In addition to news about the Iran nuclear deal and the Greek economic crisis, readers of The New York Times awoke this morning to a curious story about a supposed new grooming trend: women who dye their armpit hair in a rainbow of hues not seen since those Troll dolls were in vogue.
(Yes, women have armpit hair.)
It’s like a Speedstick truck collided with a Skittles display during an Orange Is the New Black viewing marathon.
Even Marilyn Manson at his most out-there never went this far: we’re talking neon blue, pink, violet, and green. There are YouTube tutorials for the uninitiated, as well as blogs and hashtags devoted to the trend, and at least one salon will even do the work for you, although the service is pricey at $65 (not including a tip, which the colorist definitely will earn).
A photo posted by Miley Cyrus (@mileycyrus) on
May 1, 2015 at 12:15pm PDT
For Miley Cyrus and other women, flying this furry flag is clearly a political act, a way of reclaiming ownership of the body and offering follicular thumb in the eye to the tyranny of the male gaze—a way of saying, “We’re all mammals here, we all have hair, deal with it.”
The story quotes one early adopter, Rachael Bennett, 20. “I do it because it looks cool,” she told the Times. “And because I think that people should be able to do what they please, and feel beautiful regardless of what they do.”

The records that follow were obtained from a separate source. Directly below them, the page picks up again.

(* Let $n\ge 2$, $\varepsilon\in(0,1)$, and let $K\in T^n$ satisfy $(1-\varepsilon)D_n\subseteq \operatorname{conv}K\subseteq (1+\varepsilon)D_n$. Then \[ (1-\varepsilon)D_n\subseteq K+2\sqrt{\varepsilon}\,D_n . \]
   Context: $D_n$ denotes the closed Euclidean unit ball in $\mathbb R^n$; $\operatorname{conv}$ denotes convex hull and $+$ the Minkowski sum. A nonempty compact set $K\subset\mathbb R^n$ is called star shaped if $x\in K$ implies that the segment $[0,x]\subseteq K$; $T^n$ denotes the family of star shaped sets in $\mathbb R^n$. *)

From mathcomp Require Import ssreflect ssrfun ssrbool eqtype ssrnat seq fintype bigop.
From Stdlib Require Import Reals.
Set Implicit Arguments.
Unset Strict Implicit.
Open Scope R_scope.

Definition vec (n : nat) := 'I_n -> R.

Definition vadd n (x y : vec n) : vec n := fun i => x i + y i.
Definition vsub n (x y : vec n) : vec n := fun i => x i - y i.
Definition vscale n (t : R) (x : vec n) : vec n := fun i => t * x i.
Definition vzero n : vec n := fun _ => 0.

Definition vnorm n (x : vec n) : R := sqrt (\big[Rplus/0]_(i < n) (x i * x i)).

Definition vset n := vec n -> Prop.
Definition vsubset n (A B : vset n) : Prop := forall x, A x -> B x.

Definition unit_ball n : vset n := fun x => vnorm x <= 1.

Definition dilate n (t : R) (A : vset n) : vset n :=
  fun x => exists a, A a /\ x = vscale t a.

Definition minkowski n (A B : vset n) : vset n :=
  fun x => exists a b, A a /\ B b /\ x = vadd a b.

Definition conv n (A : vset n) : vset n :=
  fun x => exists (m : nat) (p : 'I_m -> vec n) (w : 'I_m -> R),
    (forall j, A (p j)) /\ (forall j, 0 <= w j) /\
    \big[Rplus/0]_(j < m) w j = 1 /\
    (forall i, x i = \big[Rplus/0]_(j < m) (w j * p j i)).

Definition compact n (A : vset n) : Prop :=
  forall u : nat -> vec n, (forall k, A (u k)) ->
    exists (phi : nat -> nat) (l : vec n),
      (forall k, (phi k < phi (S k))%nat) /\ A l /\
      forall e, 0 < e -> exists N, forall k, (N <= k)%nat ->
        vnorm (vsub (u (phi k)) l) < e.

(* T^n : nonempty compact star shaped (w.r.t. the origin) sets *)
Definition star_shaped n (K : vset n) : Prop :=
  (exists x, K x) /\ compact K /\
  forall x, K x -> forall t, 0 <= t <= 1 -> K (vscale t x).

From HB Require Import structures.
From mathcomp Require Import ssreflect ssrfun ssrbool eqtype ssrnat seq fintype bigop.
From Stdlib Require Import Reals Lra Psatz Classical FunctionalExtensionality.
Set Implicit Arguments.
Unset Strict Implicit.
Open Scope R_scope.

(* Write x = r u with |u| = 1 and r = |x| <= 1 - eps. Since (1 - eps) u lies in
   conv K, the linear functional <., u> is at least 1 - eps at some point p of
   K, while |p| <= 1 + eps. The point t p of the segment [0, p] with
   <t p, u> = r lies in K, and x - t p is orthogonal to u, so
   |x - t p|^2 = t^2 (|p|^2 - <p, u>^2) <= (1 + eps)^2 - (1 - eps)^2 = 4 eps. *)

HB.instance Definition _ := Monoid.isComLaw.Build R 0 Rplus
  (fun x y z => esym (Rplus_assoc x y z)) Rplus_comm Rplus_0_l.

Lemma big_Rmult_l m c (f : 'I_m -> R) :
  \big[Rplus/0]_(i < m) (c * f i) = c * \big[Rplus/0]_(i < m) f i.
Proof. by symmetry; apply: (big_morph (Rmult c)) => [x y|]; ring. Qed.

Lemma big_Rplus m (f g : 'I_m -> R) :
  \big[Rplus/0]_(i < m) (f i + g i) =
  \big[Rplus/0]_(i < m) f i + \big[Rplus/0]_(i < m) g i.
Proof. exact: big_split. Qed.

Lemma big_Rle0_eq0 m (f : 'I_m -> R) : (forall i, f i <= 0) ->
  \big[Rplus/0]_(i < m) f i = 0 -> forall j, f j = 0.
Proof.
move=> f_le0 sum_f0 j.
have : \big[Rplus/0]_(i < m) f i = f j + \big[Rplus/0]_(i < m | i != j) f i.
  exact: bigD1.
have : \big[Rplus/0]_(i < m | i != j) f i <= 0.
  by apply: (big_ind (fun v => v <= 0)); [lra | move=> *; lra | move=> i _].
by have := f_le0 j; lra.
Qed.

Lemma convex_comb_le_term m (w d : 'I_m -> R) : (forall j, 0 <= w j) ->
  \big[Rplus/0]_(j < m) w j = 1 ->
  exists j, \big[Rplus/0]_(j < m) (w j * d j) <= d j.
Proof.
move=> w_ge0 sum_w1; set c := \big[Rplus/0]_(j < m) _.
apply: NNPP => no_j.
have d_lt_c j : d j < c by apply: Rnot_le_lt => ?; apply: no_j; exists j.
have sum0 : \big[Rplus/0]_(j < m) (w j * d j + (- c) * w j) = 0.
  by rewrite big_Rplus big_Rmult_l sum_w1 -/c; ring.
have w0 j : w j = 0.
  have terms_le0 i : w i * d i + (- c) * w i <= 0.
    by have := w_ge0 i; have := d_lt_c i; nra.
  have := big_Rle0_eq0 terms_le0 sum0 j.
  by have := d_lt_c j; have := w_ge0 j; nra.
have : \big[Rplus/0]_(j < m) w j = 0 by apply: big1 => j _; apply: w0.
lra.
Qed.

Definition dot n (x y : vec n) : R := \big[Rplus/0]_(i < n) (x i * y i).

Lemma dot_ge0 n (x : vec n) : 0 <= dot x x.
Proof. by apply: (big_ind (fun v => 0 <= v)); [lra | move=> *; lra | move=> i _; nra]. Qed.

Lemma dotC n (x y : vec n) : dot x y = dot y x.
Proof. by apply: eq_bigr => i _; ring. Qed.

Lemma dotZl n a (x y : vec n) : dot (vscale a x) y = a * dot x y.
Proof. by rewrite /dot -big_Rmult_l; apply: eq_bigr => i _; rewrite /vscale; ring. Qed.

Lemma dotZr n a (x y : vec n) : dot x (vscale a y) = a * dot x y.
Proof. by rewrite dotC dotZl dotC. Qed.

Lemma dot_vsub n (x y : vec n) :
  dot (vsub x y) (vsub x y) = dot x x - 2 * dot x y + dot y y.
Proof.
rewrite /dot (eq_bigr (fun i => x i * x i + (-2) * (x i * y i) + y i * y i)).
  by rewrite !big_Rplus big_Rmult_l; ring.
by move=> i _; rewrite /vsub; ring.
Qed.

Lemma unit_ball_dot n (x : vec n) : unit_ball x <-> dot x x <= 1.
Proof.
rewrite /unit_ball /vnorm -/(dot x x) -{1}sqrt_1.
split=> [|?]; last exact: sqrt_le_1_alt.
by move/sqrt_le_0; apply; [apply: dot_ge0 | lra].
Qed.

Lemma subset_conv n (K : vset n) x : K x -> conv K x.
Proof.
move=> Kx; exists 1%nat, (fun _ => x), (fun _ => 1).
by do ![split] => [//|_||i]; rewrite ?big_ord1; lra.
Qed.

Lemma conv_dot_le n (K : vset n) (x u : vec n) :
  conv K x -> exists p, K p /\ dot x u <= dot p u.
Proof.
move=> [m [p [w [Kp [w_ge0 [sum_w1 x_comb]]]]]].
have -> : dot x u = \big[Rplus/0]_(j < m) (w j * dot (p j) u).
  transitivity (\big[Rplus/0]_(i < n) \big[Rplus/0]_(j < m) (w j * (p j i * u i))).
    apply: eq_bigr => i _; rewrite x_comb Rmult_comm -big_Rmult_l.
    by apply: eq_bigr => j _; ring.
  by rewrite exchange_big; apply: eq_bigr => j _; rewrite /dot big_Rmult_l.
by have [j ?] := convex_comb_le_term (fun j => dot (p j) u) w_ge0 sum_w1; exists (p j).
Qed.

Lemma minkowski_ball_of_dot n (K : vset n) r (x k : vec n) : 0 < r -> K k ->
  dot (vsub x k) (vsub x k) <= r * r ->
  minkowski K (dilate r (@unit_ball n)) x.
Proof.
move=> r_gt0 Kk dist_le; exists k, (vsub x k); do ![split] => //.
- exists (vscale (/ r) (vsub x k)); split.
  + apply/unit_ball_dot; rewrite dotZl dotZr -Rmult_assoc.
    have <- : / r * / r * (r * r) = 1 by field; lra.
    apply: Rmult_le_compat_l => //.
    by have := Rinv_0_lt_compat r r_gt0; nra.
  + by apply: functional_extensionality => i; rewrite /vscale; field; lra.
- by apply: functional_extensionality => i; rewrite /vadd /vsub; ring.
Qed.

(* The point t p with t = r / <p, u> satisfies <r u - t p, u> = 0. *)
Lemma star_point_near_ray n (K : vset n) (p u : vec n) r B :
  (forall x, K x -> forall t, 0 <= t <= 1 -> K (vscale t x)) -> K p ->
  dot u u = 1 -> 0 < dot p u -> 0 <= r <= dot p u ->
  0 <= B -> dot p p - dot p u * dot p u <= B ->
  exists k, K k /\ dot (vsub (vscale r u) k) (vsub (vscale r u) k) <= B.
Proof.
move=> K_star Kp unit_u d_gt0 [r_ge0 r_le] B_ge0 gap_le.
set d := dot p u in d_gt0 r_le gap_le; set t := r / d.
have td : t * d = r by rewrite /t; field; lra.
have t01 : 0 <= t <= 1.
  split; first by apply: Rmult_le_pos => //; apply/Rlt_le/Rinv_0_lt_compat.
  by apply: (Rmult_le_reg_r d) => //; lra.
exists (vscale t p); split; first exact: K_star.
rewrite dot_vsub !(dotZl, dotZr) unit_u (dotC u) -/d -td.
have : t * t * (dot p p - d * d) <= t * t * B by apply: Rmult_le_compat_l; nra.
have : t * t * B <= 1 * B by apply: Rmult_le_compat_r; nra.
by nra.
Qed.

Theorem mainTheorem4 (n : nat) (eps : R) (K : vset n) :
  (2 <= n)%nat -> 0 < eps < 1 -> star_shaped K ->
  vsubset (dilate (1 - eps) (@unit_ball n)) (conv K) ->
  vsubset (conv K) (dilate (1 + eps) (@unit_ball n)) ->
  vsubset (dilate (1 - eps) (@unit_ball n))
         (minkowski K (dilate (2 * sqrt eps) (@unit_ball n))).
Proof.
move=> _ eps01 [[k0 Kk0] [_ K_star]] ball_conv conv_ball x [y [/unit_ball_dot y_le1 ->]].
suff [k [Kk dist_le]] : exists k, K k /\
    dot (vsub (vscale (1 - eps) y) k) (vsub (vscale (1 - eps) y) k) <= 4 * eps.
  apply: (minkowski_ball_of_dot _ Kk); first by have := sqrt_lt_R0 eps; lra.
  by have := sqrt_sqrt eps; lra.
case: (Rle_lt_or_eq_dec _ _ (dot_ge0 y)) => [y_gt0 | y0]; last first.
  exists (vscale 0 k0); split; first by apply: K_star => //; lra.
  by rewrite dot_vsub !(dotZl, dotZr) -y0; nra.
set s := sqrt (dot y y); set u := vscale (/ s) y.
have s_gt0 : 0 < s by apply: sqrt_lt_R0.
have ss : s * s = dot y y by apply: sqrt_sqrt; lra.
have s_le1 : s <= 1 by rewrite -sqrt_1; apply: sqrt_le_1_alt.
have unit_u : dot u u = 1 by rewrite !(dotZl, dotZr) -ss; field; lra.
have y_su : vscale (1 - eps) y = vscale ((1 - eps) * s) u.
  by apply: functional_extensionality => i; rewrite /u /vscale; field; lra.
have [p [Kp p_far]] : exists p, K p /\ dot (vscale (1 - eps) u) u <= dot p u.
  by apply/conv_dot_le/ball_conv; exists u; split => //; apply/unit_ball_dot; lra.
rewrite dotZl unit_u in p_far.
have p_le : dot p p <= (1 + eps) * (1 + eps).
  have [q [/unit_ball_dot q_le1 p_q]] := conv_ball _ (subset_conv Kp).
  by rewrite p_q dotZl dotZr; have := dot_ge0 q; nra.
by rewrite y_su; apply: (star_point_near_ray K_star Kp unit_u); nra.
Qed.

Bennett and the Sisterhood of the Technicolor Pits are also making a statement about themselves. They are artistic. Bold. Powerful. A little different. They see their body as a canvas, but have moved beyond the more fashionable approaches (tattooing, piercing) for something a little more whimsical.
But one critical angle was largely missing from the Times article: men. After all, we guys have armpit hair, too. Not to mention belly hair, leg hair, arm hair, back hair and various other patches of the stuff. Some of us even have ear hair.
And today’s evolved gentleman is open-minded, politically aware, and stylish. We’ve adopted plenty of style trends once considered feminine and made them our own, from man jewelry and man-bags to moisturizer and binging on cupcakes. Expanding our pit palette may be the next logical step in our social evolution. If getting full sleeve tats is a sign of tough-guy swagger, a touch of fuchsia under the arms is the ultimate badass grooming move—a sign that you genuinely don’t GAF about society’s hidebound definitions of masculinity and are truly your own man.
It might also get you featured in the Times.